Change Your Report!

Via WBUR News:

Massachusetts State Police are defending their actions after a trooper filed suit alleging that top police commanders disciplined him and forced him to revise an arrest report for a judge’s daughter.


Trooper Ryan Sceviour’s suit alleges that after he arrested 30-year-old Alli Bibaud for driving under the influence near Worcester last month, he was told to revise the arrest report. Bibaud’s father is Dudley.


In the initial arrest report, Sceviour wrote that Bibaud told officers she got drugs in exchange for sex and she offered Sceviour sex in exchange for leniency.
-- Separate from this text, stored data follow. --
Lemma card_ord_le L K : K <= L -> #|[set v : 'I_L.+1 | val v <= K]| = K.+1.
Proof.
move=> KL; have KL1 : K.+1 <= L.+1 by [].
have -> : [set v : 'I_L.+1 | val v <= K] = [set widen_ord KL1 j | j : 'I_K.+1].
  apply/setP => v; rewrite !inE; apply/idP/imsetP => [vK | [j _ ->]].
    by exists (Ordinal (vK : (v : nat) < K.+1)) => //; apply: val_inj.
  by rewrite /= -ltnS.
by rewrite card_imset ?card_ord // => x y /(congr1 val) /= /val_inj.
Qed.

Section WalkMap.
Variable L : nat.
Implicit Types (s : seq bool) (S : nat) (i j : 'I_L.+1) (f : {ffun 'I_L.+1 -> 'I_L.+1}).

Definition lowest s : 'I_L.+1 := [arg min_(i < ord0) height s i].
Definition highest s : 'I_L.+1 := [arg max_(i > ord0) height s i].

Lemma lowestP s i : height s (lowest s) <= height s i.
Proof. by rewrite /lowest; case: arg_minnP => // j _; apply. Qed.

Lemma highestP s i : height s i <= height s (highest s).
Proof. by rewrite /highest; case: arg_maxnP => // j _; apply. Qed.

Lemma height_range s i j : size s = L -> height s i <= height s j + L.
Proof. by move=> sL; have := height_dist s i j; have := ltn_ord i; have := ltn_ord j; lia. Qed.

Definition walk_map s : {ffun 'I_L.+1 -> 'I_L.+1} :=
  [ffun i : 'I_L.+1 => inord (height s i - height s (lowest s))].

Lemma walk_map_val s i : size s = L ->
  val (walk_map s i) = height s i - height s (lowest s).
Proof. by move=> sL; rewrite ffunE /= inordK //; have := height_range i (lowest s) sL; lia. Qed.

Lemma walk_map_eq s i j : size s = L ->
  (walk_map s i == walk_map s j) = (height s i == height s j).
Proof.
move=> sL; rewrite -val_eqE /= !walk_map_val //.
by have := lowestP s i; have := lowestP s j; move=> *; apply/eqP/eqP; lia.
Qed.

Lemma walk_map_endo s : size s = L -> is_path_endo (walk_map s).
Proof.
move=> sL; apply/forallP => i; apply/forallP => j; apply/implyP => /eqP ji.
have {}ji : nat_of_ord j = (nat_of_ord i).+1 by [].
have iS : (i : nat) < size s by have := ltn_ord j; lia.
rewrite /path_adj !walk_map_val //; have := height_step iS; rewrite -ji.
have := lowestP s i; have := lowestP s j.
by case: (nth false s i) => /= *; apply/orP; [right | left]; apply/eqP; lia.
Qed.

Definition walk_partition s := preim_partition (walk_map s) [set: 'I_L.+1].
Two days after Bibaud’s arrest, the lawsuit says that a trooper came to Sceviour’s house and took him to meet with top police officials. There, Sceviour says, he was told to falsify records and remove the references to sex and Bibaud’s father so as not to embarrass the judge.


Sceviour says he was told that the changes were “ordered by the colonel” — which he presumes meant state police Col. Richard McKeon, who supervises the state police.


A statement from state police says ” Supervisory members of the State Police, up to and including the Colonel, may review any report and have the responsibility to order any appropriate revisions. In the report in question, the revision consisted only of removal of a sensationalistic, directly-quoted statement by the defendant, which made no contribution to proving the elements of the crimes with which she was charged.”


The statement also says ” The defendant remains charged — as she was initially charged — with operating under the influence of drugs, operating under the influence of liquor, negligent operation of a motor vehicle, and two other motor vehicle offenses and she will be held accountable for those crimes based on the evidence collected by State Police.”


State police spokesman David Procopio also says the reprimand to Trooper Sceviour is not technically discipline.



When an arrestee offers sex or money or anything to an officer so that he will reduce a charge is against the law and belongs in the officers report so that can show the state of mind that the defendant was in. An officer writes his report placing the facts of the case so that people can see what was transpiring at the scene at that time. “Remember if it’s NOT written down it NEVER happen.” What would these supervisors have done if the officer was wearing a video camera? Would they have erased parts of the tape? Would they have had the officer erase parts of the tape? All ILLEGAL ACTS and against department rules. This is way I always wear a video camera to back up my reports and back up what people say to me.